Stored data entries
----------------

Lemma rayleigh_bound_sum_abs A : rayleigh_bound A (\sum_i \sum_j `|A i j|).
Proof.
move=> x; rewrite dotvE mulr_suml; apply: ler_sum => i _.
rewrite mxE mulr_sumr mulr_suml; apply: ler_sum => j _.
rewrite mulrA mulrAC.
have xi := sqr_coord_le_dotv x i; have xj := sqr_coord_le_dotv x j.
have xixj : `|x i 0| * `|x j 0| <= dotv x x.
  rewrite -real_normK ?num_real // in xi; rewrite -real_normK ?num_real // in xj.
  have := sqr_ge0 (`|x i 0| - `|x j 0|); nra.
apply: le_trans (ler_norm _) _; rewrite !normrM mulrC ler_wpM2l //.
Qed.

Lemma posdefmx_psdmx A : posdefmx A -> psdmx A.
Proof.
case=> A_sym A_pos; split=> // x.
by have [->|/A_pos/ltW//] := eqVneq x 0; rewrite mulmx0 dotv0r.
Qed.

Lemma psdmx_cauchy_schwarz A u v : psdmx A ->
  dotv u (A *m v) ^+ 2 <= dotv u (A *m u) * dotv v (A *m v).
Proof.
case=> A_sym A_psd.
set a := dotv u (A *m u); set b := dotv u (A *m v); set c := dotv v (A *m v).
have quad t : 0 <= a + 2 * t * b + t ^+ 2 * c.
  suff -> : a + 2 * t * b + t ^+ 2 * c = dotv (u + t *: v) (A *m (u + t *: v)) by [].
  rewrite mulmxDr -scalemxAr dotvDl !dotvDr !dotvZl !dotvZr (dotv_symmetricmx v u A_sym).
  rewrite -/a -/b -/c; ring.
have [c_gt0|c_le0] := ltrP 0 c.
  have := quad (- b / c).
  have -> : a + 2 * (- b / c) * b + (- b / c) ^+ 2 * c = a - b ^+ 2 / c.
    by field; rewrite gt_eqF.
  by rewrite subr_ge0 ler_pdivrMr.
have c0 : c = 0 by apply/le_anti; rewrite c_le0 A_psd.
rewrite c0 mulr0; have [->|b_neq0] := eqVneq b 0; first by rewrite expr0n.
have := quad (- (a + 1) / (2 * b)).
rewrite c0 mulr0 addr0 (_ : _ + _ = -1) ?ler0N1 //.
by field; rewrite b_neq0.
Qed.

----------------

The data should be transcribed exactly, line for line.

* _Answer for the task_:
Lemma rayleigh_bound_sum_abs A : rayleigh_bound A (\sum_i \sum_j `|A i j|).
Proof.
move=> x; rewrite dotvE mulr_suml; apply: ler_sum => i _.
rewrite mxE mulr_sumr mulr_suml; apply: ler_sum => j _.
rewrite mulrA mulrAC.
have xi := sqr_coord_le_dotv x i; have xj := sqr_coord_le_dotv x j.
have xixj : `|x i 0| * `|x j 0| <= dotv x x.
  rewrite -real_normK ?num_real // in xi; rewrite -real_normK ?num_real // in xj.
  have := sqr_ge0 (`|x i 0| - `|x j 0|); nra.
apply: le_trans (ler_norm _) _; rewrite !normrM mulrC ler_wpM2l //.
Qed.

Lemma posdefmx_psdmx A : posdefmx A -> psdmx A.
Proof.
case=> A_sym A_pos; split=> // x.
by have [->|/A_pos/ltW//] := eqVneq x 0; rewrite mulmx0 dotv0r.
Qed.

Lemma psdmx_cauchy_schwarz A u v : psdmx A ->
  dotv u (A *m v) ^+ 2 <= dotv u (A *m u) * dotv v (A *m v).
Proof.
case=> A_sym A_psd.
set a := dotv u (A *m u); set b := dotv u (A *m v); set c := dotv v (A *m v).
have quad t : 0 <= a + 2 * t * b + t ^+ 2 * c.
  suff -> : a + 2 * t * b + t ^+ 2 * c = dotv (u + t *: v) (A *m (u + t *: v)) by [].
  rewrite mulmxDr -scalemxAr dotvDl !dotvDr !dotvZl !dotvZr (dotv_symmetricmx v u A_sym).
  rewrite -/a -/b -/c; ring.
have [c_gt0|c_le0] := ltrP 0 c.
  have := quad (- b / c).
  have -> : a + 2 * (- b / c) * b + (- b / c) ^+ 2 * c = a - b ^+ 2 / c.
    by field; rewrite gt_eqF.
  by rewrite subr_ge0 ler_pdivrMr.
have c0 : c = 0 by apply/le_anti; rewrite c_le0 A_psd.
rewrite c0 mulr0; have [->|b_neq0] := eqVneq b 0; first by rewrite expr0n.
have := quad (- (a + 1) / (2 * b)).
rewrite c0 mulr0 addr0 (_ : _ + _ = -1) ?ler0N1 //.
by field; rewrite b_neq0.
Qed.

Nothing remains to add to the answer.